_HOW TO COMPLETE THIS TASK_: The entries must be restated exactly as written.

_DATA EXCERPTS_:
(* Let $\mathfrak{H}$ be a fat indecomposable Hoffman graph with $\lambda_{\min}(\mathfrak{H})\ge-1-\tau$, where $\tau=\frac{1+\sqrt5}{2}$. If some slim vertex of $\mathfrak{H}$ has at least two fat neighbours, then $\mathcal{S}(\mathfrak{H})$ is isomorphic to $\mathcal{Q}_{0,0,1}$ (a single vertex), $\mathcal{Q}_{1,0,1}$ (two vertices joined by a $(+)$-edge), or $\mathcal{Q}_{0,1,1}$ (two vertices joined by a $(-)$-edge); in particular $\mathfrak{H}$ has at most two slim vertices.
   Context: A Hoffman graph $\mathfrak{H}$ is a finite simple graph $H$ together with a labeling of each vertex as slim or fat, such that every fat vertex is adjacent to at least one slim vertex and the fat vertices are pairwise non-adjacent. $V^s(\mathfrak{H})$ denotes the set of slim vertices and $N^f_{\mathfrak{H}}(x)$ the set of fat neighbours of $x$. $\mathfrak{H}$ is fat if every slim vertex has a fat neighbour. An induced Hoffman subgraph is a Hoffman graph whose underlying graph is an induced subgraph with inherited labels. Writing the adjacency matrix of $H$ with fat vertices last as $\begin{pmatrix}A_s & C\\ C^T & O\end{pmatrix}$, set $B(\mathfrak{H})=A_s-CC^T$; $\lambda_{\min}(\mathfrak{H})$ is its smallest eigenvalue. A decomposition of $\mathfrak{H}$ is a family $\{\mathfrak{H}^i\}_{i=1}^n$ of induced Hoffman subgraphs such that: (i) $V(\mathfrak{H})=\bigcup_i V(\mathfrak{H}^i)$; (ii) slim vertex sets of distinct members are disjoint; (iii) if $x\in V^s(\mathfrak{H}^i)$ and $y$ is a fat neighbour of $x$ in $\mathfrak{H}$, then $y\in V(\mathfrak{H}^i)$; (iv) if $x\in V^s(\mathfrak{H}^i)$, $y\in V^s(\mathfrak{H}^j)$, $i\neq j$, then $|N^f_{\mathfrak{H}}(x)\cap N^f_{\mathfrak{H}}(y)|\le 1$, with equality iff $x,y$ are adjacent. $\mathfrak{H}$ is indecomposable if it has no decomposition with $n\ge2$. The special graph $\mathcal{S}(\mathfrak{H})$ is the edge-signed graph (edges labelled $+$ or $-$) with vertex set $V^s(\mathfrak{H})$ in which distinct $u,v$ are joined by a $(+)$-edge iff they are adjacent in $\mathfrak{H}$ and have no common fat neighbour, by a $(-)$-edge iff they are non-adjacent in $\mathfrak{H}$ and have a common fat neighbour, and are not joined otherwise; isomorphisms of edge-signed graphs preserve signs. *)

From HB Require Import structures.
From mathcomp Require Import all_boot all_order all_algebra.
From mathcomp Require Import algC.
Set Implicit Arguments. Unset Strict Implicit. Unset Printing Implicit Defensive.
Import Order.TTheory GRing.Theory Num.Theory.

Definition hoffman_graph (T : finType) (e : rel T) (fat : pred T) : Prop :=
  [/\ (forall x, ~~ e x x),
      (forall x y, e x y = e y x),
      (forall x y, fat x -> fat y -> ~~ e x y) &
      (forall y, fat y -> exists x, ~~ fat x /\ e x y)].

Definition fat_nbrs (T : finType) (e : rel T) (fat : pred T) (x : T) : {set T} :=
  [set y | fat y && e x y].

Definition common_fat (T : finType) (e : rel T) (fat : pred T) (x y : T) : nat :=
  #|fat_nbrs e fat x :&: fat_nbrs e fat y|.

Definition fat_hoffman (T : finType) (e : rel T) (fat : pred T) : Prop :=
  forall x, ~~ fat x -> exists y, fat y /\ e x y.

Definition slimT (T : finType) (fat : pred T) := {x : T | ~~ fat x}.
Definition fatT (T : finType) (fat : pred T) := {x : T | fat x}.

Definition As_mx (T : finType) (e : rel T) (fat : pred T) :
  'M[algC]_(#|{: slimT fat}|) :=
  (\matrix_(i, j) (e (val (enum_val i)) (val (enum_val j)))%:R)%R.

Definition C_mx (T : finType) (e : rel T) (fat : pred T) :
  'M[algC]_(#|{: slimT fat}|, #|{: fatT fat}|) :=
  (\matrix_(i, j) (e (val (enum_val i)) (val (enum_val j)))%:R)%R.

Definition B_mx (T : finType) (e : rel T) (fat : pred T) :
  'M[algC]_(#|{: slimT fat}|) :=
  (As_mx e fat - C_mx e fat *m (C_mx e fat)^T)%R.

(* lambda_min(H) >= c : every eigenvalue of the (real symmetric) matrix B is >= c *)
Definition lambda_min_ge (T : finType) (e : rel T) (fat : pred T) (c : algC) : Prop :=
  forall a : algC, eigenvalue (B_mx e fat) a -> (c <= a)%R.

Definition tau : algC := ((1 + sqrtC 5) / 2)%R.

Definition induced_hoffman_sub (T : finType) (e : rel T) (fat : pred T) (U : {set T}) : Prop :=
  U != set0 /\ (forall y, y \in U -> fat y -> exists2 x, x \in U & ~~ fat x /\ e x y).

Definition is_decomposition (T : finType) (e : rel T) (fat : pred T)
  (n : nat) (U : 'I_n -> {set T}) : Prop :=
  [/\ (forall i, induced_hoffman_sub e fat (U i)),
      (forall v : T, exists i, v \in U i),
      (forall i j x, i != j -> x \in U i -> x \in U j -> fat x),
      (forall i x y, x \in U i -> ~~ fat x -> fat y -> e x y -> y \in U i) &
      (forall i j x y, i != j -> x \in U i -> ~~ fat x -> y \in U j -> ~~ fat y ->
          common_fat e fat x y <= 1 /\ (common_fat e fat x y == 1) = e x y)].

Definition indecomposable (T : finType) (e : rel T) (fat : pred T) : Prop :=
  ~ exists n (U : 'I_n -> {set T}), 2 <= n /\ is_decomposition e fat U.

Definition sg_pos (T : finType) (e : rel T) (fat : pred T) : rel (slimT fat) :=
  fun u v => [&& val u != val v, e (val u) (val v) & common_fat e fat (val u) (val v) == 0].
Definition sg_neg (T : finType) (e : rel T) (fat : pred T) : rel (slimT fat) :=
  fun u v => [&& val u != val v, ~~ e (val u) (val v) & common_fat e fat (val u) (val v) != 0].

Definition signed_iso (A B : finType) (pA nA : rel A) (pB nB : rel B) : Prop :=
  exists f : A -> B, bijective f /\
    forall x y, pA x y = pB (f x) (f y) /\ nA x y = nB (f x) (f y).

Definition Q001_pos : rel 'I_1 := fun _ _ => false.
Definition Q001_neg : rel 'I_1 := fun _ _ => false.
Definition Q101_pos : rel 'I_2 := fun x y => x != y.
Definition Q101_neg : rel 'I_2 := fun _ _ => false.
Definition Q011_pos : rel 'I_2 := fun _ _ => false.
Definition Q011_neg : rel 'I_2 := fun x y => x != y.
Arguments sg_pos {T} e fat _ _.
Arguments sg_neg {T} e fat _ _.

From HB Require Import structures.
From mathcomp Require Import all_boot all_order all_algebra.
From mathcomp Require Import algC.
From mathcomp Require Import sesquilinear spectral ring zify.
Import Order.TTheory GRing.Theory Num.Theory.
Set Implicit Arguments. Unset Strict Implicit. Unset Printing Implicit Defensive.
Local Open Scope ring_scope.
Local Open Scope sesquilinear_scope.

_WRITTEN ANSWER_:
(* Let $\mathfrak{H}$ be a fat indecomposable Hoffman graph with $\lambda_{\min}(\mathfrak{H})\ge-1-\tau$, where $\tau=\frac{1+\sqrt5}{2}$. If some slim vertex of $\mathfrak{H}$ has at least two fat neighbours, then $\mathcal{S}(\mathfrak{H})$ is isomorphic to $\mathcal{Q}_{0,0,1}$ (a single vertex), $\mathcal{Q}_{1,0,1}$ (two vertices joined by a $(+)$-edge), or $\mathcal{Q}_{0,1,1}$ (two vertices joined by a $(-)$-edge); in particular $\mathfrak{H}$ has at most two slim vertices.
   Context: A Hoffman graph $\mathfrak{H}$ is a finite simple graph $H$ together with a labeling of each vertex as slim or fat, such that every fat vertex is adjacent to at least one slim vertex and the fat vertices are pairwise non-adjacent. $V^s(\mathfrak{H})$ denotes the set of slim vertices and $N^f_{\mathfrak{H}}(x)$ the set of fat neighbours of $x$. $\mathfrak{H}$ is fat if every slim vertex has a fat neighbour. An induced Hoffman subgraph is a Hoffman graph whose underlying graph is an induced subgraph with inherited labels. Writing the adjacency matrix of $H$ with fat vertices last as $\begin{pmatrix}A_s & C\\ C^T & O\end{pmatrix}$, set $B(\mathfrak{H})=A_s-CC^T$; $\lambda_{\min}(\mathfrak{H})$ is its smallest eigenvalue. A decomposition of $\mathfrak{H}$ is a family $\{\mathfrak{H}^i\}_{i=1}^n$ of induced Hoffman subgraphs such that: (i) $V(\mathfrak{H})=\bigcup_i V(\mathfrak{H}^i)$; (ii) slim vertex sets of distinct members are disjoint; (iii) if $x\in V^s(\mathfrak{H}^i)$ and $y$ is a fat neighbour of $x$ in $\mathfrak{H}$, then $y\in V(\mathfrak{H}^i)$; (iv) if $x\in V^s(\mathfrak{H}^i)$, $y\in V^s(\mathfrak{H}^j)$, $i\neq j$, then $|N^f_{\mathfrak{H}}(x)\cap N^f_{\mathfrak{H}}(y)|\le 1$, with equality iff $x,y$ are adjacent. $\mathfrak{H}$ is indecomposable if it has no decomposition with $n\ge2$. The special graph $\mathcal{S}(\mathfrak{H})$ is the edge-signed graph (edges labelled $+$ or $-$) with vertex set $V^s(\mathfrak{H})$ in which distinct $u,v$ are joined by a $(+)$-edge iff they are adjacent in $\mathfrak{H}$ and have no common fat neighbour, by a $(-)$-edge iff they are non-adjacent in $\mathfrak{H}$ and have a common fat neighbour, and are not joined otherwise; isomorphisms of edge-signed graphs preserve signs. *)

From HB Require Import structures.
From mathcomp Require Import all_boot all_order all_algebra.
From mathcomp Require Import algC.
Set Implicit Arguments. Unset Strict Implicit. Unset Printing Implicit Defensive.
Import Order.TTheory GRing.Theory Num.Theory.

Definition hoffman_graph (T : finType) (e : rel T) (fat : pred T) : Prop :=
  [/\ (forall x, ~~ e x x),
      (forall x y, e x y = e y x),
      (forall x y, fat x -> fat y -> ~~ e x y) &
      (forall y, fat y -> exists x, ~~ fat x /\ e x y)].

Definition fat_nbrs (T : finType) (e : rel T) (fat : pred T) (x : T) : {set T} :=
  [set y | fat y && e x y].

Definition common_fat (T : finType) (e : rel T) (fat : pred T) (x y : T) : nat :=
  #|fat_nbrs e fat x :&: fat_nbrs e fat y|.

Definition fat_hoffman (T : finType) (e : rel T) (fat : pred T) : Prop :=
  forall x, ~~ fat x -> exists y, fat y /\ e x y.

Definition slimT (T : finType) (fat : pred T) := {x : T | ~~ fat x}.
Definition fatT (T : finType) (fat : pred T) := {x : T | fat x}.

Definition As_mx (T : finType) (e : rel T) (fat : pred T) :
  'M[algC]_(#|{: slimT fat}|) :=
  (\matrix_(i, j) (e (val (enum_val i)) (val (enum_val j)))%:R)%R.

Definition C_mx (T : finType) (e : rel T) (fat : pred T) :
  'M[algC]_(#|{: slimT fat}|, #|{: fatT fat}|) :=
  (\matrix_(i, j) (e (val (enum_val i)) (val (enum_val j)))%:R)%R.

Definition B_mx (T : finType) (e : rel T) (fat : pred T) :
  'M[algC]_(#|{: slimT fat}|) :=
  (As_mx e fat - C_mx e fat *m (C_mx e fat)^T)%R.

(* lambda_min(H) >= c : every eigenvalue of the (real symmetric) matrix B is >= c *)
Definition lambda_min_ge (T : finType) (e : rel T) (fat : pred T) (c : algC) : Prop :=
  forall a : algC, eigenvalue (B_mx e fat) a -> (c <= a)%R.

Definition tau : algC := ((1 + sqrtC 5) / 2)%R.

Definition induced_hoffman_sub (T : finType) (e : rel T) (fat : pred T) (U : {set T}) : Prop :=
  U != set0 /\ (forall y, y \in U -> fat y -> exists2 x, x \in U & ~~ fat x /\ e x y).

Definition is_decomposition (T : finType) (e : rel T) (fat : pred T)
  (n : nat) (U : 'I_n -> {set T}) : Prop :=
  [/\ (forall i, induced_hoffman_sub e fat (U i)),
      (forall v : T, exists i, v \in U i),
      (forall i j x, i != j -> x \in U i -> x \in U j -> fat x),
      (forall i x y, x \in U i -> ~~ fat x -> fat y -> e x y -> y \in U i) &
      (forall i j x y, i != j -> x \in U i -> ~~ fat x -> y \in U j -> ~~ fat y ->
          common_fat e fat x y <= 1 /\ (common_fat e fat x y == 1) = e x y)].

Definition indecomposable (T : finType) (e : rel T) (fat : pred T) : Prop :=
  ~ exists n (U : 'I_n -> {set T}), 2 <= n /\ is_decomposition e fat U.

Definition sg_pos (T : finType) (e : rel T) (fat : pred T) : rel (slimT fat) :=
  fun u v => [&& val u != val v, e (val u) (val v) & common_fat e fat (val u) (val v) == 0].
Definition sg_neg (T : finType) (e : rel T) (fat : pred T) : rel (slimT fat) :=
  fun u v => [&& val u != val v, ~~ e (val u) (val v) & common_fat e fat (val u) (val v) != 0].

Definition signed_iso (A B : finType) (pA nA : rel A) (pB nB : rel B) : Prop :=
  exists f : A -> B, bijective f /\
    forall x y, pA x y = pB (f x) (f y) /\ nA x y = nB (f x) (f y).

Definition Q001_pos : rel 'I_1 := fun _ _ => false.
Definition Q001_neg : rel 'I_1 := fun _ _ => false.
Definition Q101_pos : rel 'I_2 := fun x y => x != y.
Definition Q101_neg : rel 'I_2 := fun _ _ => false.
Definition Q011_pos : rel 'I_2 := fun _ _ => false.
Definition Q011_neg : rel 'I_2 := fun x y => x != y.
Arguments sg_pos {T} e fat _ _.
Arguments sg_neg {T} e fat _ _.

From HB Require Import structures.
From mathcomp Require Import all_boot all_order all_algebra.
From mathcomp Require Import algC.
From mathcomp Require Import sesquilinear spectral ring zify.
Import Order.TTheory GRing.Theory Num.Theory.
Set Implicit Arguments. Unset Strict Implicit. Unset Printing Implicit Defensive.
Local Open Scope ring_scope.
Local Open Scope sesquilinear_scope.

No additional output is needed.